Lemma cder_y_delta_yxyxy a b c :
  cder ly delta_m (yxyxy a b c) = 2%:R * adyX_coef m (c + a.+1) b.
Proof.
rewrite cder_mulXl /= mul0r addr0 (eq_bigl _ _ (nth_yxyxy a b c)).
rewrite (bigID (pred1 a)) /= big_nat1_cond_eq eqxx size_cat size_yxy /=.
rewrite ifT; last by apply/andP; split; lia.
rewrite (@eq_bigl _ _ _ _ _ _ (pred1 (a + b).+1)) => [|i]; last first.
  case: (eqVneq i a) => [->|_] /=; last by rewrite andbT.
  by apply/esym/negbTE/eqP; lia.
rewrite big_nat1_eq ifT; last by apply/andP; split; lia.
have -> : drop a.+1 (yxyxy a b c) ++ ly :: take a (yxyxy a b c) = yxy b (c + a.+1).
  rewrite /yxyxy /yxy -catA (drop_sizeS_cat _ _ (size_nseq _ _)).
  by rewrite (take_size_cat _ (size_nseq _ _)) -catA nseqD.
have -> : drop (a + b).+2 (yxyxy a b c) ++ ly :: take (a + b).+1 (yxyxy a b c) =
    yxy (c + a.+1) b.
  rewrite /yxyxy (drop_sizeS_cat _ _ (size_yxy a b)).
  by rewrite (take_size_cat _ (size_yxy a b)) /yxy nseqD -catA.
by rewrite adyXE !yxy_poly_yxy adyX_coefC // mulr_natl mulr2n.
Qed.

Lemma homog_cder_y_delta : homog xdeg 2 (cder ly delta_m).
Proof. by move=> v hv; apply: (cder_homog xdegD (homog_X_adyX m)); rewrite addn0. Qed.

Lemma ady_cder_y_delta : ady (cder ly delta_m) = scaleA 2%:R (brA P X).
Proof.
apply: functional_extensionality => w; rewrite /scaleA.
have [/xdeg2_yxyxy [a [b [c ->]]]|hw] := eqVneq (xdeg w) 2%N; last first.
  have homog_PX := homog_brA xdegD (homog_adyX m) (@homog_letter xdeg lx).
  by rewrite (homog_ady_x homog_cder_y_delta) // homog_PX ?mulr0.
have -> : brA P X (yxyxy a b c) = mulA P X (yxyxy a b c) - mulA X P (yxyxy a b c).
  by [].
have -> : mulA P X (yxyxy a b c) = if c is _.+1 then 0 else adyX_coef m a b.
  case: c => [|c]; rewrite ?yxyxy_r0 ?yxyxy_rS mulA_letterr ?mul0r //.
  by rewrite mul1r adyXE yxy_poly_yxy.
have -> : mulA X P (yxyxy a b c) = if a is _.+1 then 0 else adyX_coef m b c.
  case: a => [|a]; rewrite [yxyxy _ _ _]/= mulA_letterl ?mul0r //.
  by rewrite mul1r adyXE yxy_poly_yxy.
rewrite ady_yxyxy.
case: a => [|a]; case: c => [|c]; rewrite ?cder_y_delta_yxyxy.
- by rewrite (adyX_coefC b) // !subrr mulr0.
- by rewrite addn1 (adyX_coefC b) // !sub0r mulrN.
- by rewrite add0n !subr0.
- by rewrite addSnnS !subrr mulr0.
Qed.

> [Work request] Take every line from the records above that has the word "last" and copy it.

> [Output for this exercise]
rewrite ifT; last by apply/andP; split; lia.
rewrite (@eq_bigl _ _ _ _ _ _ (pred1 (a + b).+1)) => [|i]; last first.
  case: (eqVneq i a) => [->|_] /=; last by rewrite andbT.
rewrite big_nat1_eq ifT; last by apply/andP; split; lia.
have [/xdeg2_yxyxy [a [b [c ->]]]|hw] := eqVneq (xdeg w) 2%N; last first.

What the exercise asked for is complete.